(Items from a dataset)

★ ★ ★ ★ ★ ★ ★

(* Let $w=i_n\cdots i_1$ be a reverse lattice word and $\sigma=\mathrm{std}(w)$. Then the column reading word of $T_w$ equals $\sigma^{-1}$ (in one-line notation).
   Context: A word $w=i_n\cdots i_1$ of positive integers is reverse lattice if in every suffix $i_k\cdots i_1$ the number of $j$'s is at least the number of $(j+1)$'s for every $j\geq1$. $\mathrm{std}(w)$: replace the letters of $w$ (read left to right) by $1,\ldots,n$, smaller letters receiving smaller values, equal letters receiving increasing values from left to right; the result is a permutation in one-line notation. Partitions in French convention (rows numbered bottom to top). For a reverse lattice word, define partitions $\lambda_0=\varnothing$ and, for $k=1,\ldots,n$, $\lambda_k$ obtained from $\lambda_{k-1}$ by adding a box at its addable node in column $i_k$; $T_w$ is the standard reverse tableau of shape $\lambda_n$ in which the box of $\lambda_k$ not in $\lambda_{k-1}$ contains $n-k+1$. The column reading word of a tableau lists the entries of each column in increasing order, columns from left to right. *)

From mathcomp Require Import all_boot.
Set Implicit Arguments. Unset Strict Implicit. Unset Printing Implicit Defensive.

(* A word w = i_n ... i_1 is represented by the list [:: i_n; ...; i_1]
   (read left to right).  Hence i_k = nth 0 w (size w - k). *)

Definition reverse_lattice (w : seq nat) : Prop :=
  (forall i, i \in w -> 0 < i) /\
  (forall k j, 1 <= j -> count_mem j.+1 (drop k w) <= count_mem j (drop k w)).

Definition std (w : seq nat) : seq nat :=
  [seq (count (fun y => y < nth 0 w p) w
        + count (pred1 (nth 0 w p)) (take p w)).+1 | p <- iota 0 (size w)].

Definition inv_oneline (s : seq nat) : seq nat :=
  [seq (index r s).+1 | r <- iota 1 (size s)].

(* Tableaux (French convention) as lists of rows, row 1 (bottom) first;
   each row lists its entries from column 1 rightwards. *)
Definition tableau := seq (seq nat).

Definition shape (t : tableau) : seq nat := [seq size r | r <- t].

Definition col_length (lam : seq nat) (c : nat) : nat := count (fun l => c <= l) lam.

(* Add entry e at the addable node in column c: this node lies in row
   (col_length c) + 1, i.e. row index col_length c (0-indexed). *)
Definition add_box (t : tableau) (c e : nat) : tableau :=
  let r := col_length (shape t) c in
  set_nth [::] t r (rcons (nth [::] t r) e).

Definition Tw (w : seq nat) : tableau :=
  foldl (fun t k => add_box t (nth 0 w (size w - k)) (size w - k).+1)
        [::] (iota 1 (size w)).

Definition column (t : tableau) (c : nat) : seq nat :=
  [seq nth 0 r c.-1 | r <- t & c <= size r].

Definition col_reading_word (t : tableau) : seq nat :=
  flatten [seq sort leq (column t c) | c <- iota 1 (size (head [::] t))].

From mathcomp Require Import all_boot zify.
Set Implicit Arguments. Unset Strict Implicit. Unset Printing Implicit Defensive.

(* The lattice condition guarantees that, when the letters of w are added from
   right to left, each new box of column c lands on top of column c and below the
   top of column c - 1.  Hence every lambda_k is a partition and column c of T_w
   lists the positions of the letter c in w, from right to left.  Reading the
   columns left to right, each in increasing order, lists the positions of the 1's,
   then of the 2's, and so on; the position p of w is then found at place
   #{letters < w_p} + #{letters = w_p left of p} + 1 = std(w)(p), so the reading
   word is std(w)^{-1}. *)

Definition addable (lam : seq nat) (c : nat) : bool :=
  (0 < c) && ((c == 1) || (col_length lam c < col_length lam c.-1)).

Section Partition.

Variable lam : seq nat.
Hypothesis lam_partition : sorted geq lam.

Lemma leq_nthS i : nth 0 lam i.+1 <= nth 0 lam i.
Proof.
case: (ltnP i.+1 (size lam)) => [lt_i1|le_i1]; last by rewrite nth_default.
by move/(sortedP 0): lam_partition => /(_ i lt_i1).
Qed.

Lemma leq_nth_col_length i c : 0 < c -> (c <= nth 0 lam i) = (i < col_length lam c).
Proof.
move=> c_gt0; elim: lam lam_partition i => [|a l IH] /= a_l i.
  by rewrite nth_nil leqNgt c_gt0.
have l_le_a : all (geq a) l := order_path_min (rev_trans leq_trans) a_l.
case: (leqP c a) => [le_ca|lt_ac] /=.
  by case: i => [|i] //=; rewrite IH ?(path_sorted a_l).
have -> : col_length l c = 0.
  apply/eqP; rewrite -leqn0 leqNgt -has_count; apply/hasPn => x /(allP l_le_a) /=.
  by rewrite -ltnNge => /leq_ltn_trans; apply.
case: i => [|i] /=; first by rewrite leqNgt lt_ac.
apply/negbTE; rewrite -ltnNge; case: (ltnP i (size l)) => [i_lt|i_ge].
  by apply: leq_ltn_trans lt_ac; apply: (allP l_le_a); rewrite mem_nth.
by rewrite nth_default.
Qed.

Lemma nth_col_length c : addable lam c -> nth 0 lam (col_length lam c) = c.-1.
Proof.
case/andP=> c_gt0 lattice_c.
have := leq_nth_col_length (col_length lam c) c_gt0; rewrite ltnn => /negbT; rewrite -ltnNge.
case: eqP lattice_c => [-> _|c_neq1 /= lt_col]; first by case: nth.
have c1_gt0 : 0 < c.-1 by move: c_gt0 c_neq1; lia.
by have := leq_nth_col_length (col_length lam c) c1_gt0; rewrite lt_col; lia.
Qed.

Lemma sorted_set_nth_col_length c :
  addable lam c -> sorted geq (set_nth 0 lam (col_length lam c) c).
Proof.
move=> add_c; have c_gt0 : 0 < c by case/andP: add_c.
apply/(sortedP 0) => i _; rewrite /geq !nth_set_nth /=.
set r := col_length lam c.
have [->|ne_ir] := eqVneq i r.
  rewrite (gtn_eqF (ltnSn r)); move: (leq_nth_col_length r.+1 c_gt0).
  by rewrite ltnNge leqnSn /= => /negbT; rewrite -ltnNge => /ltnW.
case: ifP => [/eqP eq_i1r|_]; last exact: leq_nthS.
by rewrite leq_nth_col_length // eq_i1r.
Qed.

End Partition.

Lemma nth_shape (t : tableau) i : nth 0 (shape t) i = size (nth [::] t i).
Proof.
case: (ltnP i (size t)) => [lt_it|le_ti]; first by rewrite (nth_map [::]).
by rewrite !nth_default ?size_map.
Qed.

Lemma col_length_le_size (t : tableau) c : col_length (shape t) c <= size t.
Proof. by rewrite -(size_map size t) count_size. Qed.

Lemma size_column (t : tableau) c : size (column t c) = col_length (shape t) c.
Proof. by rewrite size_map size_filter /col_length count_map. Qed.

Lemma column_cat (t1 t2 : tableau) c : column (t1 ++ t2) c = column t1 c ++ column t2 c.
Proof. by rewrite /column filter_cat map_cat. Qed.

Lemma column_nth_split (t : tableau) r c : 0 < c ->
  column t c = column (take r t) c ++ column [:: nth [::] t r] c ++ column (drop r.+1 t) c.
Proof.
move=> c_gt0; case: (ltnP r (size t)) => [lt_rt|le_tr].
  by rewrite -{1}(cat_take_drop r t) (drop_nth [::] lt_rt) column_cat -cat1s column_cat.
rewrite nth_default // take_oversize ?drop_oversize ?(leqW le_tr) //.
by rewrite /column /= leqNgt c_gt0 !cats0.
Qed.

Lemma column_set_nth (t : tableau) r row c : r <= size t ->
  column (set_nth [::] t r row) c
  = column (take r t) c ++ column [:: row] c ++ column (drop r.+1 t) c.
Proof.
rewrite leq_eqVlt set_nthE => /orP[/eqP->|lt_rt].
  by rewrite ltnn subnn take_size drop_oversize // column_cat /= cats0.
by rewrite lt_rt column_cat -cat1s column_cat.
Qed.

Lemma column_drop_col_length (t : tableau) c i : sorted geq (shape t) -> 0 < c ->
  col_length (shape t) c <= i -> column (drop i t) c = [::].
Proof.
move=> t_partition c_gt0 le_col_i; apply/eqP; rewrite -size_eq0 size_column.
rewrite /col_length /shape map_drop -/(shape t) eqn0Ngt -has_count.
apply/hasPn => _ /(nthP 0)[j _ <-]; rewrite nth_drop leq_nth_col_length // -leqNgt.
exact: leq_trans le_col_i (leq_addr _ _).
Qed.

Section AddBox.

Variables (t : tableau) (c e : nat).
Hypotheses (t_partition : sorted geq (shape t)) (c_addable : addable (shape t) c).

Let r := col_length (shape t) c.

Lemma size_nth_col_length : size (nth [::] t r) = c.-1.
Proof. by rewrite -nth_shape nth_col_length. Qed.

Lemma shape_add_box : shape (add_box t c e) = set_nth 0 (shape t) r c.
Proof.
have c_gt0 : 0 < c by case/andP: c_addable.
apply: (@eq_from_nth _ 0) => [|i _]; first by rewrite size_map !size_set_nth size_map.
rewrite nth_shape !nth_set_nth /= -/r; case: eqP => [_|_]; last exact/esym/nth_shape.
by rewrite size_rcons size_nth_col_length prednK.
Qed.

Lemma sorted_shape_add_box : sorted geq (shape (add_box t c e)).
Proof. by rewrite shape_add_box; apply: sorted_set_nth_col_length. Qed.

Lemma column_add_box c' : 0 < c' ->
  column (add_box t c e) c' = if c' == c then rcons (column t c) e else column t c'.
Proof.
have c_gt0 : 0 < c by case/andP: c_addable.
move=> c'_gt0; rewrite /add_box -/r column_set_nth ?col_length_le_size //.
have size_row' : size (rcons (nth [::] t r) e) = c.
  by rewrite size_rcons size_nth_col_length prednK.
case: eqP => [->|/eqP ne_c'c]; rewrite (@column_nth_split t r) //.
  rewrite column_drop_col_length // /column /= size_row' size_nth_col_length leqnn.
  rewrite leqNgt ltn_predL c_gt0 /= nth_rcons size_nth_col_length ltnn eqxx.
  by rewrite cats0 cats1.
congr (_ ++ _ ++ _); rewrite /column /= size_row' size_nth_col_length.
have -> : (c' <= c) = (c' <= c.-1) by move: ne_c'c; lia.
case: ifP => //= le_c'c; rewrite nth_rcons size_nth_col_length.
by have -> : c'.-1 < c.-1 by lia.
Qed.

End AddBox.

Definition lattice_step (u : seq nat) (c : nat) : bool :=
  (0 < c) && ((c == 1) || (count_mem c u < count_mem c.-1 u)).

Definition yamanouchi (u : seq nat) : Prop :=
  forall i, i < size u -> lattice_step (take i u) (nth 0 u i).

Lemma yamanouchi_rcons u c : yamanouchi (rcons u c) -> yamanouchi u /\ lattice_step u c.
Proof.
move=> yam_uc; split=> [i lt_iu|].
  have := yam_uc i; rewrite size_rcons nth_rcons -cats1 take_cat lt_iu ltnS ltnW //.
  by apply.
have := yam_uc (size u); rewrite size_rcons nth_rcons -cats1 take_cat ltnn subnn cats0.
by rewrite eqxx; apply.
Qed.

Definition fill (s : seq (nat * nat)) : tableau := foldl (fun t x => add_box t x.1 x.2) [::] s.

Lemma fill_spec s : yamanouchi (unzip1 s) ->
  sorted geq (shape (fill s)) /\
  forall c, 0 < c -> column (fill s) c = [seq x.2 | x <- s & x.1 == c].
Proof.
elim/last_ind: s => [|s [c e] IH]; first by split=> // c _; rewrite /column.
rewrite /unzip1 map_rcons => /yamanouchi_rcons[/IH[s_partition s_columns] step_c].
have col_length_fill c' : 0 < c' -> col_length (shape (fill s)) c' = count_mem c' (unzip1 s).
  by move=> c'_gt0; rewrite -size_column s_columns // size_map size_filter count_map.
have c_addable : addable (shape (fill s)) c.
  case/andP: step_c => /= c_gt0; rewrite /addable c_gt0 /=.
  by case: eqP => //= c_neq1; rewrite !col_length_fill //; lia.
rewrite /fill foldl_rcons -/(fill s) /=; split; first exact: sorted_shape_add_box.
move=> c' c'_gt0; rewrite column_add_box // filter_rcons /=.
by rewrite eq_sym; case: eqP => [->|_]; rewrite ?map_rcons s_columns.
Qed.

★ ★ ★ ★ ★ ★ ★

• [Your instructions]: Above are the records; from them, give again exactly the lines from the one containing "rewrite /col_length /shape" to the one containing "Proof. by rewrite -nth_shape", both lines included, and nothing more.

• [Answer for the task]:
rewrite /col_length /shape map_drop -/(shape t) eqn0Ngt -has_count.
apply/hasPn => _ /(nthP 0)[j _ <-]; rewrite nth_drop leq_nth_col_length // -leqNgt.
exact: leq_trans le_col_i (leq_addr _ _).
Qed.

Section AddBox.

Variables (t : tableau) (c e : nat).
Hypotheses (t_partition : sorted geq (shape t)) (c_addable : addable (shape t) c).

Let r := col_length (shape t) c.

Lemma size_nth_col_length : size (nth [::] t r) = c.-1.
Proof. by rewrite -nth_shape nth_col_length. Qed.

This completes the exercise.